Тут я устыдился. Отец Августин не был бешеным псом, а в хвалимую Жаком де Витри Марию никогда не швыряли камней на улице. Я понял, что мой мозг отуманен усталостью, и направил свои мысли на иное. Я подумал о трактате Пьера Жана Олье, который появился у Алкеи во время ее краткого пребывания в общине францисканцев-тертиариев. Я боялся, что не допросил ее должным образом по поводу ее взглядов на бедность Христа. Сама-то она назвалась «преданной дочерью Римской Церкви», которая исполняет то, что велят ей священники, то есть не отвергает их власти из-за того, что они не прошли очищение бедностью и не проповедуют безумные лжеучения.

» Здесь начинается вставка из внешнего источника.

(* Let $X$ be a random variable with values in a set $\mathcal{X}$, let $\theta=\theta(X)\in\mathbb{R}$ be a statistic of $X$, and let $L=(X_1,\dots,X_n)$ be an i.i.d. sample of $X$. Fix a batch size $m\ge 1$ and let $\hat\theta$ be an estimator of $\theta$ defined on samples of size $m$. Let $\mathcal{U}$ be the finite set (of cardinality $n^m$) of all functions $u:\{1,\dots,m\}\to\{1,\dots,n\}$, and for $u\in\mathcal U$ write $L_u=(X_{u(1)},\dots,X_{u(m)})$. Assume $\mathbb{E}_L\big(\hat\theta(L_u)^2\big)<\infty$ for every $u\in\mathcal U$. For $N\ge 1$ let $B=(U^1,\dots,U^N)$ be i.i.d. uniform on $\mathcal U$, independent of $L$, and define the bagged estimator $$\tilde\theta(L,B)=\frac1N\sum_{i=1}^N\hat\theta(L_{U^i}).$$ Let $U$ denote a random variable uniform on $\mathcal U$ independent of $L$, and let $\mathbb{E}_U,\mathrm{Var}_U$ denote expectation and variance with respect to $U$ only (with $L$ fixed). Then $$\mathrm{MSE}(\tilde\theta):=\mathbb{E}_{(L,B)}\big((\tilde\theta(L,B)-\theta)^2\big)=\frac1N F+G,$$ where $$F=\mathbb{E}_L\big(\mathrm{Var}_U(\hat\theta(L_U))\big)\ge 0,\qquad G=\mathrm{Var}_L\big(\mathbb{E}_U(\hat\theta(L_U))\big)+\big(\mathbb{E}_L(\mathbb{E}_U(\hat\theta(L_U)))-\theta\big)^2\ge 0$$ do not depend on $N$. More precisely: (1) $\mathbb{E}_{(L,B)}(\tilde\theta(L,B))=\mathbb{E}_L\big(\mathbb{E}_U(\hat\theta(L_U))\big)$; (2) $\mathrm{Var}_{(L,B)}(\tilde\theta(L,B))=\frac1N\mathbb{E}_L\big(\mathrm{Var}_U(\hat\theta(L_U))\big)+\mathrm{Var}_L\big(\mathbb{E}_U(\hat\theta(L_U))\big)$.
   Context: $\mathbb{E}_L,\mathrm{Var}_L$ denote expectation/variance with respect to the sample $L$, and $\mathbb{E}_{(L,B)},\mathrm{Var}_{(L,B)}$ with respect to the pair $(L,B)$. The sampling $L_U$ is uniform sampling with replacement of $m$ points from $L$. *)

From HB Require Import structures.
From mathcomp Require Import all_boot all_order all_algebra.
From mathcomp Require Import all_classical all_reals all_analysis.
Set Implicit Arguments. Unset Strict Implicit. Unset Printing Implicit Defensive.
Import Order.TTheory GRing.Theory Num.Theory.
Local Open Scope classical_set_scope.
Local Open Scope ring_scope.

Definition unif_avg (R : realType) (I : finType) (f : I -> R) : R :=
  (#|I|%:R)^-1 * \sum_(i : I) f i.

Definition unif_var (R : realType) (I : finType) (f : I -> R) : R :=
  unif_avg (fun i => (f i - unif_avg f) ^+ 2).

Notation Idx m n := {ffun 'I_m -> 'I_n}.

Definition resample (Om T : Type) (n m : nat) (X : 'I_n -> Om -> T)
  (u : Idx m n) (w : Om) : 'I_m -> T := fun j => X (u j) w.

Definition bagged (R : realType) (Om T : Type) (n m N : nat)
  (thetahat : ('I_m -> T) -> R) (X : 'I_n -> Om -> T)
  (b : {ffun 'I_N -> Idx m n}) (w : Om) : R :=
  (N%:R)^-1 * \sum_(i < N) thetahat (resample X (b i) w).

(* Expectation with respect to the pair (L, B), where B is uniform on U^N
   (i.e. U^1..U^N i.i.d. uniform on U) and independent of L. *)
Definition E_LB (dO : measure_display) (Om : measurableType dO) (R : realType)
  (P : probability Om R) (n m N : nat)
  (g : Om -> {ffun 'I_N -> Idx m n} -> R) : \bar R :=
  'E_P[fun w => unif_avg (g w)]%E.

Definition Var_LB (dO : measure_display) (Om : measurableType dO) (R : realType)
  (P : probability Om R) (n m N : nat)
  (g : Om -> {ffun 'I_N -> Idx m n} -> R) : \bar R :=
  E_LB P (fun w b => (g w b - fine (E_LB P g)) ^+ 2).

Definition iid (dO dT : measure_display) (Om : measurableType dO)
  (T : measurableType dT) (R : realType) (P : probability Om R) (n : nat)
  (X : 'I_n -> Om -> T) : Prop :=
  [/\ (forall i, measurable_fun setT (X i)),
      (forall i j (A : set T), measurable A ->
          P (X i @^-1` A) = P (X j @^-1` A)) &
      (forall A : 'I_n -> set T, (forall i, measurable (A i)) ->
          P (\bigcap_(i in [set: 'I_n]) (X i @^-1` A i)) =
          (\prod_(i < n) P (X i @^-1` A i))%E)].

From HB Require Import structures.
From mathcomp Require Import all_boot all_order all_algebra.
From mathcomp Require Import all_classical all_reals all_analysis.
From mathcomp Require Import ring.
Set Implicit Arguments. Unset Strict Implicit. Unset Printing Implicit Defensive.
Import Order.TTheory GRing.Theory Num.Theory.
Local Open Scope ring_scope.

(* Conditionally on the sample, the bags U^1, ..., U^N are the coordinates of a
   uniformly random b : {ffun 'I_N -> U}, hence i.i.d. uniform on U, so the
   bagged estimator is a mean of N i.i.d. copies of thetahat (L_U). Its
   conditional mean is E_U thetahat (L_U), and its conditional mean squared
   deviation from theta is Var_U / N + (E_U - theta)^2. Taking E_L and splitting
   E_L (E_U - theta)^2 = Var_L E_U + (E_L E_U - theta)^2 gives all the formulas;
   square-integrability of each thetahat (L_u) keeps every expectation finite. *)

Section uniform_average.
Variable R : realType.

Lemma unif_avgD (I : finType) (f g : I -> R) :
  unif_avg (fun i => f i + g i) = unif_avg f + unif_avg g.
Proof. by rewrite /unif_avg big_split mulrDr. Qed.

Lemma unif_avgZ (I : finType) (a : R) (f : I -> R) :
  unif_avg (fun i => a * f i) = a * unif_avg f.
Proof. by rewrite /unif_avg -mulr_sumr mulrCA. Qed.

Lemma unif_avg_cst (I : finType) (c : R) :
  (0 < #|I|)%N -> unif_avg (fun _ : I => c) = c.
Proof.
move=> I0; rewrite /unif_avg sumr_const -[c *+ _]mulr_natl mulKf //.
by rewrite pnatr_eq0 -lt0n.
Qed.

Lemma unif_avg_sum (I J : finType) (F : J -> I -> R) :
  unif_avg (fun i => \sum_j F j i) = \sum_j unif_avg (F j).
Proof. by rewrite /unif_avg exchange_big mulr_sumr. Qed.

Lemma unif_avg_ge0 (I : finType) (f : I -> R) :
  (forall i, 0 <= f i) -> 0 <= unif_avg f.
Proof. by move=> f0; rewrite mulr_ge0 ?invr_ge0 ?sumr_ge0. Qed.

Lemma unif_var_ge0 (I : finType) (f : I -> R) : 0 <= unif_var f.
Proof. by apply: unif_avg_ge0 => i; exact: sqr_ge0. Qed.

Lemma unif_avg_prod_ffun (I T : finType) (F : I -> T -> R) :
  unif_avg (fun b : {ffun I -> T} => \prod_k F k (b k)) = \prod_k unif_avg (F k).
Proof.
by rewrite /unif_avg prodrMl bigA_distr_bigA card_ffun natrX exprVn.
Qed.

Section ffun_coordinates.
Variables (I T : finType).
Hypothesis T0 : (0 < #|T|)%N.

Lemma unif_avg_ffun_coord (h : T -> R) (i : I) :
  unif_avg (fun b : {ffun I -> T} => h (b i)) = unif_avg h.
Proof.
pose F k := if k == i then h else fun=> 1.
transitivity (unif_avg (fun b : {ffun I -> T} => \prod_k F k (b k))).
  congr unif_avg; apply/funext => b.
  by rewrite (bigD1 i) //= /F eqxx big1 ?mulr1 // => k /negPf ->.
rewrite unif_avg_prod_ffun (bigD1 i) //= /F eqxx big1 ?mulr1 // => k /negPf ->.
exact: unif_avg_cst.
Qed.

Lemma unif_avg_ffun_coordM (g h : T -> R) (i j : I) : i != j ->
  unif_avg (fun b : {ffun I -> T} => g (b i) * h (b j)) = unif_avg g * unif_avg h.
Proof.
move=> ij; have ji : (j == i) = false by rewrite eq_sym (negPf ij).
pose F k := if k == i then g else if k == j then h else fun=> 1.
transitivity (unif_avg (fun b : {ffun I -> T} => \prod_k F k (b k))).
  congr unif_avg; apply/funext => b.
  rewrite (bigD1 i) // (bigD1 j) 1?eq_sym //= /F eqxx ji eqxx mulrA.
  by rewrite big1 ?mulr1 // => k /andP[/negPf -> /negPf ->].
rewrite unif_avg_prod_ffun (bigD1 i) // (bigD1 j) 1?eq_sym //= /F eqxx ji eqxx.
rewrite mulrA big1 ?mulr1 // => k /andP[/negPf -> /negPf ->].
exact: unif_avg_cst.
Qed.

Lemma unif_avg_ffun_sum_sqr (g : T -> R) : unif_avg g = 0 ->
  unif_avg (fun b : {ffun I -> T} => (\sum_i g (b i)) ^+ 2)
  = #|I|%:R * unif_avg (fun t => g t ^+ 2).
Proof.
move=> g0.
have -> : (fun b : {ffun I -> T} => (\sum_i g (b i)) ^+ 2)
        = (fun b => \sum_i \sum_j g (b i) * g (b j)).
  apply/funext => b; rewrite expr2 mulr_suml.
  by under eq_bigr do rewrite mulr_sumr.
rewrite unif_avg_sum -sum1_card natr_sum mulr_suml; apply: eq_bigr => i _.
rewrite unif_avg_sum (bigD1 i) //= big1 ?addr0 => [|j ji].
  under eq_fun do rewrite -expr2.
  by rewrite (unif_avg_ffun_coord (fun t => g t ^+ 2)) mul1r.
by rewrite unif_avg_ffun_coordM 1?eq_sym // g0 mul0r.
Qed.

End ffun_coordinates.

Lemma unif_avg_bag (N : nat) (T : finType) (f : T -> R) :
  (0 < N)%N -> (0 < #|T|)%N ->
  unif_avg (fun b : {ffun 'I_N -> T} => N%:R^-1 * \sum_(i < N) f (b i))
  = unif_avg f.
Proof.
move=> N0 T0; rewrite unif_avgZ unif_avg_sum.
under eq_bigr do rewrite unif_avg_ffun_coord //.
rewrite sumr_const card_ord -[unif_avg f *+ N]mulr_natl mulKf //.
by rewrite pnatr_eq0 -lt0n.
Qed.

Lemma unif_avg_bag_sqrB (N : nat) (T : finType) (f : T -> R) (c : R) :
  (0 < N)%N -> (0 < #|T|)%N ->
  unif_avg (fun b : {ffun 'I_N -> T} => (N%:R^-1 * \sum_(i < N) f (b i) - c) ^+ 2)
  = N%:R^-1 * unif_var f + (unif_avg f - c) ^+ 2.
Proof.
move=> N0 T0; have N0' : (N%:R : R) != 0 by rewrite pnatr_eq0 -lt0n.
set E := unif_avg f; pose g t := f t - E.
have g0 : unif_avg g = 0.
  by rewrite (unif_avgD f (fun=> - E)) unif_avg_cst // subrr.
pose s (b : {ffun 'I_N -> T}) := \sum_(i < N) g (b i).
have -> : (fun b : {ffun 'I_N -> T} => (N%:R^-1 * \sum_(i < N) f (b i) - c) ^+ 2)
        = (fun b => N%:R^-1 ^+ 2 * s b ^+ 2
                    + (2 * N%:R^-1 * (E - c) * s b + (E - c) ^+ 2)).
  apply/funext => b; rewrite /s /g sumrB sumr_const card_ord -[E *+ N]mulr_natl.
  by field.
have card0 : (0 < #|{ffun 'I_N -> T}|)%N by rewrite card_ffun expn_gt0 T0.
rewrite !unif_avgD !unif_avgZ unif_avg_cst //.
have -> : unif_avg s = 0.
  by rewrite unif_avg_sum big1 // => i _; rewrite unif_avg_ffun_coord.
rewrite unif_avg_ffun_sum_sqr // card_ord /unif_var -/E.
by field.
Qed.

End uniform_average.

Section bias_variance.
Local Open Scope ereal_scope.
Context d (Om : measurableType d) (R : realType) (P : probability Om R).

Lemma Lfun2_expectation_sqr (f : Om -> R) :
  measurable_fun setT f -> 'E_P[fun w => (f w ^+ 2)%R] < +oo ->
  f \in Lfun P 2%:E.
Proof.
move=> mf f2; rewrite inE; apply/andP; split; first by rewrite inE.
rewrite inE /= /finite_norm unlock /Lnorm poweR_lty //.
move: f2; rewrite unlock; apply: le_lt_trans; rewrite le_eqVlt; apply/orP; left.
apply/eqP; apply: eq_integral => x _ /=.
by rewrite powR_mulrn ?normr_ge0 // real_normK ?num_real.
Qed.

Lemma expectation_sqrB (Y : Om -> R) (c : R) : Y \in Lfun P 2%:E ->
  'E_P[fun w => ((Y w - c) ^+ 2)%R]
  = 'V_P[Y] + ('E_P[Y] - c%:E) * ('E_P[Y] - c%:E).
Proof.
move=> Y2.
have Y1 := Lfun_subset12 (fin_num_measure P _ measurableT) Y2.
have Yc2 : (Y \- cst c)%R \in Lfun P 2%:E.
  by rewrite rpredB ?lee1n // => *; exact: Lfun_cst.
rewrite -(varianceB_cst_r c Y2) varianceE //.
rewrite expectationB ?Lfun_cst // expectation_cst.
have Ec : 'E_P[Y] - c%:E \is a fin_num by rewrite fin_numB expectation_fin_num.
by rewrite expe2 subeK ?fin_numM.
Qed.

Lemma unif_avg_Lfun (U : finType) (f : U -> Om -> R) (r : R) :
  (1 <= r)%R -> (forall u, f u \in Lfun P r%:E) ->
  (fun w => unif_avg (fun u => f u w)) \in Lfun P r%:E.
Proof.
move=> r1 fr.
have -> : (fun w => unif_avg (fun u => f u w)) = (#|U|%:R^-1 \o* \sum_u f u)%R.
  by apply/funext => w; rewrite /= fct_sumE mulrC.
by apply: Lfun_scale => //; apply: rpred_sum => u _; exact: fr.
Qed.

Section pointwise_uniform_average.
Variables (U : finType) (f : U -> Om -> R).
Hypothesis f2 : forall u, f u \in Lfun P 2%:E.

Let EU w := unif_avg (fun u => f u w).
Let VU w := unif_var (fun u => f u w).

Lemma unif_avg_Lfun2 : EU \in Lfun P 2%:E.
Proof. by apply: unif_avg_Lfun => //; rewrite ler1n. Qed.

Lemma unif_var_Lfun1 : VU \in Lfun P 1.
Proof.
apply: (unif_avg_Lfun (f := fun u w => ((f u w - EU w) ^+ 2)%R)) => // u.
have EU2 := unif_avg_Lfun2.
have fEU2 : (f u \- EU)%R \in Lfun P 2%:E by rewrite rpredB ?lee1n.
exact: (Lfun2_mul_Lfun1 fEU2 fEU2).
Qed.

Lemma expectation_unif_var_sqrB (a c : R) :
  'E_P[fun w => (a * VU w + (EU w - c) ^+ 2)%R]
  = a%:E * 'E_P[VU] + ('V_P[EU] + ('E_P[EU] - c%:E) * ('E_P[EU] - c%:E)).
Proof.
have EU2 := unif_avg_Lfun2.
have EUc1 : (fun w => (EU w - c) ^+ 2)%R \in Lfun P 1.
  have EUc2 : (EU \- cst c)%R \in Lfun P 2%:E.
    by rewrite rpredB ?lee1n // => *; exact: Lfun_cst.
  exact: (Lfun2_mul_Lfun1 EUc2 EUc2).
have -> : (fun w => a * VU w + (EU w - c) ^+ 2)%R
        = (a \o* VU \+ fun w => (EU w - c) ^+ 2)%R.
  by apply/funext => w /=; rewrite mulrC.
rewrite expectationD ?Lfun_scale ?unif_var_Lfun1 //.
by rewrite expectationZl ?unif_var_Lfun1 // expectation_sqrB.
Qed.

End pointwise_uniform_average.

End bias_variance.

Theorem theorem1 (dO dT : measure_display) (Om : measurableType dO)
  (T : measurableType dT) (R : realType) (P : probability Om R)
  (n m N : nat) (X : 'I_n -> Om -> T) (thetahat : ('I_m -> T) -> R)
  (theta : R) :
  (0 < n)%N -> (0 < m)%N -> (0 < N)%N ->
  iid P X ->
  (forall u : Idx m n,
      measurable_fun setT (fun w => thetahat (resample X u w))) ->
  (forall u : Idx m n,
      ('E_P[fun w => (thetahat (resample X u w) ^+ 2)%R] < +oo)%E) ->
  let EU := fun w => unif_avg (fun u : Idx m n => thetahat (resample X u w)) in
  let VU := fun w => unif_var (fun u : Idx m n => thetahat (resample X u w)) in
  let F := 'E_P[VU]%E in
  let G := ('V_P[EU] + ('E_P[EU] - theta%:E) * ('E_P[EU] - theta%:E))%E in
  [/\ E_LB P (fun w (b : {ffun 'I_N -> Idx m n}) =>
          (bagged thetahat X b w - theta) ^+ 2)
        = ((N%:R)^-1%:E * F + G)%E,
      (0 <= F)%E, (0 <= G)%E,
      E_LB P (fun w (b : {ffun 'I_N -> Idx m n}) => bagged thetahat X b w)
        = 'E_P[EU]%E &
      Var_LB P (fun w (b : {ffun 'I_N -> Idx m n}) => bagged thetahat X b w)
        = ((N%:R)^-1%:E * F + 'V_P[EU])%E].
Proof.
(* Neither m > 0 nor the i.i.d. assumption is needed: the identities hold for
   any joint law of the sample. *)
move=> n0 _ N0 _ meas_thetahat sqr_thetahat EU VU F G.
pose fu (u : Idx m n) w := thetahat (resample X u w).
have fu2 u : fu u \in Lfun P 2%:E.
  exact: (Lfun2_expectation_sqr (meas_thetahat u) (sqr_thetahat u)).
have U0 : (0 < #|Idx m n|)%N by rewrite card_ffun !card_ord expn_gt0 n0.
have EU_fin : 'E_P[EU]%E \is a fin_num.
  apply/expectation_fin_num/(Lfun_subset12 (fin_num_measure P _ measurableT)).
  exact: unif_avg_Lfun2.
have mean_bag : E_LB P (fun w (b : {ffun 'I_N -> Idx m n}) =>
    bagged thetahat X b w) = 'E_P[EU]%E.
  by congr expectation; apply/funext => w; exact: unif_avg_bag.
have sqr_bagB c : E_LB P (fun w (b : {ffun 'I_N -> Idx m n}) =>
    (bagged thetahat X b w - c) ^+ 2)
  = ((N%:R)^-1%:E * F + ('V_P[EU] + ('E_P[EU] - c%:E) * ('E_P[EU] - c%:E)))%E.
  rewrite -(expectation_unif_var_sqrB fu2); congr expectation; apply/funext => w.
  exact: unif_avg_bag_sqrB.
split => //.
- by apply: expectation_ge0 => w; exact: unif_var_ge0.
- by rewrite adde_ge0 ?variance_ge0 // -expe2 sqre_ge0.
- by rewrite /Var_LB mean_bag sqr_bagB fineK // subee // mul0e adde0.
Qed.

Более того, я знал, что отец Августин проследовал этой тропой ранее меня и нашел, что любовь Алкеи к святой бедности не достигает того предела, за которым душе угрожает опасность.
Тем не менее я должен был избавиться от сомнений на этот счет и твердо решил, что сделаю это.
Я определил также, кого еще следует допросить: управляющего Разье; детей, Гийома и Гвидо; местных пастухов, пасших скот у форта. Это была трудная задача, потому что я не мог проводить настоящих допросов, согласно, к примеру, правилам, изложенным в «Speculum judiciale» Гийомом Дюраном (а вы вообще обращаетесь к этой работе?) и тем, что были установлены за многие годы традициями и папскими указами. Показания, данные Святой палате, всегда записывает нотарий, в присутствии двоих незаинтересованных наблюдателей — таких, как доминиканцы Симон и Беренгар, обычно присутствующие у меня на допросах. Клятвы должны прозвучать, и сей факт должен быть отмечен в протоколе; обвинения необходимо раскрыть либо умолчать о них — руководствуясь целесообразностью того или иного для следствия; прошение об отсрочке должно быть удовлетворено или отклонено — опять же в зависимости от хода расследования. Существуют правила, и их нужно соблюдать.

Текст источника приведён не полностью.